Current Date:April 3, 2025

2 Analysts: We are waiting for these levels next week for gold price!

The price of gold closed the week with a small change last Friday. The most active December 2021 contract on a gold -term transaction basis is currently fixed at $ 1,750,60, which means net earnings of $ 0.80 (+0.05%) per day. For the weekly appearance of gold, market analysts Gark S.wagner and Christopher Lewis’ analysis and evaluations Kriptokoin.comWe have compiled for you.

The FED admitted that inflationist prints will continue longer than predicted.

The main incident, which significantly reduced gold on Thursday, was the publication of the FOMC meeting statement and the press conference of President Jerome Powell. The explanation of when the Federal Reserve will begin the tapering points out that the Tapering will start “soon”. It is now believed in the markets that an announcement on when the Federal Reserve will start the process of reducing monthly assets will be made in November and the tapering can begin on an early date like December.

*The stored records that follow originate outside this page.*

(* Write lam_T(l, r) := g_{l,l+1-r}(T) = Q_r + #{c : T_{r,c} <= l}, the r-th
   part of the shape filled by the entries <= l (counting Q as entries 0).
   1. For a semistandard T, lam_T is "interlacing": nondecreasing in the level
      l and lam_T(l+1, r+1) <= lam_T(l, r) (column strictness); hence it is
      also nonincreasing in r.
   2. An edge S -i-> T changes exactly one part: lam_T(i, r0) =
      lam_S(i, r0) + 1, all other parts at levels <= i+1 agree.
   3. Reindexed by rows, the factors of X and Y with row r <> r0 come in
      numerator/denominator pairs of the same strict sign (negative for
      r < r0, positive for r > r0), by the inequalities of step 1 applied to
      T or to S.  So each quotient has the sign of its pivot factor (r = r0),
      which is negative for X (cancelled by the minus sign of X) and positive
      for Y. *)

Lemma sub_in_count (A : eqType) (s : seq A) (p q : pred A) :
  {in s, subpred p q} -> count p s <= count q s.
Proof.
move=> pq; rewrite -(@eq_in_count _ (predI p (mem s))) => [|x xs]; last first.
  by rewrite /= xs andbT.
by apply: sub_count => x /andP[px xs]; exact: pq.
Qed.

Lemma count_iota_leq (M a k : nat) :
  count (fun c => c <= M) (iota a k) = minn k (M.+1 - a).
Proof.
elim: k a => [|k IH] a /=; first by rewrite min0n.
by rewrite IH; case: (leqP a M) => h; lia.
Qed.

Definition subshape (P Q : nat -> nat) (T : nat -> nat -> nat) (l r : nat) : nat :=
  (Q r + row_count P Q T r l)%N.

Lemma subshapeE P Q T l r : subshape P Q T l r =
  (Q r + count (fun c => T r c <= l) (index_iota (Q r).+1 (P r).+1))%N.
Proof. by rewrite /subshape /row_count sum1_count. Qed.

Definition interlacing (m : nat) (lam : nat -> nat -> nat) : Prop :=
  (forall l r, lam l r <= lam l.+1 r) /\
  (forall l r, 1 <= r < m -> lam l.+1 r.+1 <= lam l r).

Lemma interlacing_decr {m lam} : interlacing m lam ->
  forall l r r', 1 <= r <= r' -> r' <= m -> lam l r' <= lam l r.
Proof.
move=> [mono inter] l r; elim=> [|r' IH] Hrr' Hr'm; first by lia.
have [lt_r_r'|-> //] : r < r'.+1 \/ r = r'.+1 by lia.
have step : lam l r'.+1 <= lam l r' by apply: leq_trans (mono l r'.+1) (inter l r' _); lia.
by apply: leq_trans step (IH _ _); lia.
Qed.

Section SubshapeInterlacing.
Variables (m n : nat) (P Q : nat -> nat) (T : nat -> nat -> nat).
Hypotheses (Hsd : skew_data m n P Q) (HT : ssyt m n P Q T).

Lemma row_sorted r c c' : 1 <= r <= m -> Q r < c -> c <= c' <= P r ->
  T r c <= T r c'.
Proof.
move=> Hr Hc; elim: c' => [|c' IH] /andP[Hcc' Hc'P]; first by lia.
have [lt_c_c'|-> //] : c < c'.+1 \/ c = c'.+1 by lia.
have [_ Hrow _] := HT.
have step : T r c' <= T r c'.+1 by apply: Hrow; rewrite /in_shape Hr /=; lia.
by apply: leq_trans (IH _) step; lia.
Qed.

Lemma subshape_ge l r c : 1 <= r <= m -> Q r < c <= P r -> T r c <= l ->
  c <= subshape P Q T l r.
Proof.
move=> Hr /andP[HQc HcP] Hcl; rewrite subshapeE.
have : count (fun c' => c' <= c) (index_iota (Q r).+1 (P r).+1) <=
       count (fun c' => T r c' <= l) (index_iota (Q r).+1 (P r).+1).
  apply: sub_in_count => c'; rewrite mem_iota => /andP[lo hi] le_c'_c.
  by apply: leq_trans Hcl; apply: row_sorted; lia.
by rewrite count_iota_leq; lia.
Qed.

(* Column strictness: the cells of row r+1 with entries <= l+1 lie under
   cells of row r with entries <= l. *)
Lemma subshape_interlace l r : 1 <= r < m ->
  subshape P Q T l.+1 r.+1 <= subshape P Q T l r.
Proof.
move=> Hr; have [_ HP HQ _ _] := Hsd; have [_ _ Hcol] := HT.
have HPr := HP r Hr; have HQr := HQ r Hr.
set M := subshape P Q T l r.
have HQM : Q r <= M by rewrite /M subshapeE leq_addr.
rewrite subshapeE.
have : count (fun c => T r.+1 c <= l.+1) (index_iota (Q r.+1).+1 (P r.+1).+1) <=
       count (fun c => c <= M) (index_iota (Q r.+1).+1 (P r.+1).+1).
  apply: sub_in_count => c; rewrite mem_iota => /andP[lo hi] entry_le /=.
  have Hin : in_shape m P Q r.+1 c by rewrite /in_shape; lia.
  have [//|lt_M_c] := leqP c M.
  have Hin_above : in_shape m P Q r c by rewrite /in_shape; lia.
  have col := Hcol r c Hin_above Hin.
  have : c <= M by apply: subshape_ge; lia.
  by lia.
by rewrite count_iota_leq; lia.
Qed.
Lemma sum_round_prob_win_mean P h (G : action m K -> 'I_m -> R) : is_pref_matrix P ->
  \sum_x round_prob P h x * (\sum_i win_prob P x.1 i * G x.1 i) =
  \sum_x round_prob P h x * G x.1 x.2.
Proof.
move=> P_pref; rewrite !sum_round; apply: eq_bigr => a _; rewrite /round_prob /=.
rewrite -big_distrl /= -mulr_sumr win_prob_sum1 // mulr1 mulr_sumr.
by apply: eq_bigr => i _; rewrite mulrA.
Qed.

Lemma sum_rcons_traj T (tr : trajectory m K T) x (F : 'I_T.+1 -> round -> R) :
  \sum_t F t (rcons_traj tr x t) = \sum_(t < T) F (widen_ord (leqnSn T) t) (tr t) + F ord_max x.
Proof.
rewrite big_ord_recr /= rcons_traj_max; congr (_ + _).
by apply: eq_bigr => t _; rewrite rcons_traj_widen.
Qed.

Lemma expect_traj_rcons T (Ps : 'I_T.+1 -> pref K) (F : trajectory m K T.+1 -> R)
    (Phi : trajectory m K T -> R) (Psi : round -> R) :
  is_pref_matrix (Ps ord_max) -> (forall tr x, F (rcons_traj tr x) = Phi tr + Psi x) ->
  \sum_tr traj_prob pol Ps tr * F tr =
  \sum_tr traj_prob pol (Ps \o widen_ord (leqnSn T)) tr *
    (Phi tr + \sum_x round_prob (Ps ord_max) (traj_history tr) x * Psi x).
Proof.
move=> P_pref F_rcons; rewrite sum_traj_rcons; apply: eq_bigr => tr _.
under eq_bigr do rewrite F_rcons traj_prob_rcons -mulrA mulrDr.
by rewrite -mulr_sumr big_split /= -mulr_suml sum_round_prob // mul1r mulrDr.
Qed.

Lemma traj_prob_ge0 T (Ps : 'I_T -> pref K) tr :
  (forall t, is_pref_matrix (Ps t)) -> 0 <= traj_prob pol Ps tr.
Proof.
move=> Ps_pref; apply: prodr_ge0 => t _.
by rewrite mulr_ge0 ?win_prob_ge0 ?(proj1 (pol_valid _)).
Qed.

Lemma traj_prob_sum1 T (Ps : 'I_T -> pref K) :
  (forall t, is_pref_matrix (Ps t)) -> \sum_tr traj_prob pol Ps tr = 1.
Proof.
elim: T Ps => [|T IH] Ps Ps_pref.
  rewrite (eq_bigr (fun _ => 1)) => [|tr _]; last by rewrite /traj_prob big_ord0.
  by rewrite sumr_const card_ffun card_ord expn0.
rewrite -[LHS](eq_bigr _ (fun tr _ => mulr1 _)).
rewrite (expect_traj_rcons (Phi := fun _ => 1) (Psi := fun _ => 0)) // => [|tr x];
  last by rewrite addr0.
rewrite -[RHS](IH (Ps \o widen_ord (leqnSn T))) => [|t]; last exact: Ps_pref.
by apply: eq_bigr => tr _; rewrite big1 ?addr0 ?mulr1 // => x _; rewrite mulr0.
Qed.

Lemma expect_sum_win_mean T (Ps : 'I_T -> pref K) (G : action m K -> 'I_m -> R) :
  (forall t, is_pref_matrix (Ps t)) ->
  \sum_tr traj_prob pol Ps tr * \sum_t G (tr t).1 (tr t).2 =
  \sum_tr traj_prob pol Ps tr * \sum_t \sum_i win_prob (Ps t) (tr t).1 i * G (tr t).1 i.
Proof.
elim: T Ps => [|T IH] Ps Ps_pref.
  by apply: eq_bigr => tr _; rewrite !big_ord0.
rewrite (expect_traj_rcons (Phi := fun tr => \sum_t G (tr t).1 (tr t).2)
  (Psi := fun x => G x.1 x.2)) // => [|tr x]; last first.
  exact: (sum_rcons_traj tr x (fun _ y => G y.1 y.2)).
rewrite (expect_traj_rcons
  (Phi := fun tr => \sum_t \sum_i win_prob (Ps (widen_ord (leqnSn T) t)) (tr t).1 i * G (tr t).1 i)
  (Psi := fun x => \sum_i win_prob (Ps ord_max) x.1 i * G x.1 i)) //
  => [|tr x]; last first.
  exact: (sum_rcons_traj tr x (fun t y => \sum_i win_prob (Ps t) y.1 i * G y.1 i)).
rewrite !(eq_bigr _ (fun tr _ => mulrDr _ _ _)) !big_split /= IH => [|t]; last exact: Ps_pref.
congr (_ + _); apply: eq_bigr => tr _; rewrite sum_round_prob_win_mean //.
Qed.

End Trajectories.

Definition tie_pref K : pref K := fun _ _ => 1 / 2%:R.
Arguments tie_pref {K}.

Definition planted_pref K (j : 'I_K) (e : R) : pref K :=
  fun i k => 1 / 2%:R + e * ((i == j)%:R - (k == j)%:R).

Definition arm_count m K (j : 'I_K) (a : action m K) : R := \sum_s (a s == j)%:R.

Lemma tie_pref_is_pref K : is_pref_matrix (@tie_pref K).
Proof. by split=> [i k|]; [|split=> [i k|i]]; rewrite /tie_pref //; lra. Qed.

Lemma planted_pref_is_pref K (j : 'I_K) e :
  0 <= e -> e <= 1 / 2%:R -> is_pref_matrix (planted_pref j e).
Proof.
move=> e_ge0 e_le; split=> [i k|]; last split=> [i k|i]; rewrite /planted_pref.
- by case: (i == j); case: (k == j); rewrite /= ?subrr ?subr0 ?sub0r ?mulr0 ?mulr1 ?mulrN1;
    apply/andP; split; lra.
- by field.
- by rewrite subrr mulr0 addr0.
Qed.

Lemma planted_pref_winner K (j : 'I_K) e i : 0 <= e -> 1 / 2%:R <= planted_pref j e j i.
Proof.
by move=> e_ge0; rewrite /planted_pref eqxx lerDl mulr_ge0 // subr_ge0; case: (i == j).
Qed.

According to Market Analyst Gark S.Wagner, the news that surprised market participants and gold investors was the newly revised “dot graph olan showing the estimates of the normalization of interest rates. The latest estimates reveal that there may be an interest rate hike next year instead of 2023. The federal reserve clearly states that the time schedules starting to shrink and starting to abolish the normalization of interest rates are clearly emphasizing that the timetables have different criteria.

The federal reserve also acknowledges that inflationist pressures will probably continue longer than predicted. The Fed focuses on maximum employment rather than inflationary pressures that make up primary, bilateral powers. Inflationist pressures continued to increase, as the CPI announced this month. It points to a 0.3 %increase between July and August.

“The Fed’s interest rate of raising interest rates faster, the price of gold gave a strong decline”

The report from the Bureau of Statistics of the Labor also states that inflation has risen to 5.3 %for 12 months ending in August 2021. According to the US Office Bureau of Statistics on Friday, “Consumer Price Index (CPI-U) for all urban consumers increased by 0.5 percent in July, increased by 0.3 percent in August. In the last 12 months, all Pencils Index increased by 5.3 percent before the seasonality was free of seasonality.” Analyst Gark S.Wagner, when they will increase interest rates for the first time since the start of the pandema 20 months ago, the Central Bank’s Tapering timeline under the logic underlying, this is probably this report and makes the following assessment:

The price of gold against the potential of rapid rise than the Federal Reserve of the Federal Reserve has reacted to a strong decline. The reason for this is that higher interest rates naturally increase the opportunity to hold gold that does not bring interest earnings to the investor. Gold is currently very sensitive to lower prices and technically lock and critical. Our technical studies show a fibonacci harmony between two data sets formed from daily graphics and the other from weekly graphics.

The analyst says that the longest data set has started in October 2018, when gold was traded at $ 1,171 until the current record level reached in August last year, when gold reached the summit with 2,088 dollars, and now the lowest level of gold is matched with the 38.2 %Fibonaci correction. Gark S.Wagner continues his analysis as follows:

It also matched the 61.8 %Fibonacci correction from the daily graph. A fibonacci harmony occurs when two different data sets have the same price point for one of the key fibonacci numbers. This makes the price technically a much more critical level.

Christopher Lewis: The rise of the dollar can create reverse wind for gold price

According to market analyst Christopher Lewis, gold markets initially rose during the week, but failed in the EMA for 50 weeks, and at this point the market created an inverse hammer and therefore likely to break. Analyst points to the following technical levels for the gold price:

The level of $ 1,750 continues to provide support, and therefore, if we fall under it, then I think it is likely to fall to $ 1.680. Going below this level will pave the way for a big movement up to $ 1,500. On the other hand, if we go back to a break on the candle bar for the week, then we are likely to look at $ 1,835.

Christopher Lewis says that the US Dollar Index has a negative correlation with the gold price, and as a result, it is possible that the rise of the dollar will create the opposite wind for the gold price. On the other hand, if the market sees that the US dollar has fallen, it will rise to the gold markets that go to EMA for the 50 -week EMA, and go on it will add more momentum to this market and reveal the possibility of a break. Christopher Lewis makes the following evaluations:

The interest rates in the United States, of course, have a great impact on the gold price. Because increasing rates are a murderer for gold price. However, the market will probably continue to see that the 10 -year return correlation has entered into force. Nevertheless, this is definitely a market that seems ready to fall. For this reason, falling under the candle bar not only compresses this market, but also maybe a little aggressive.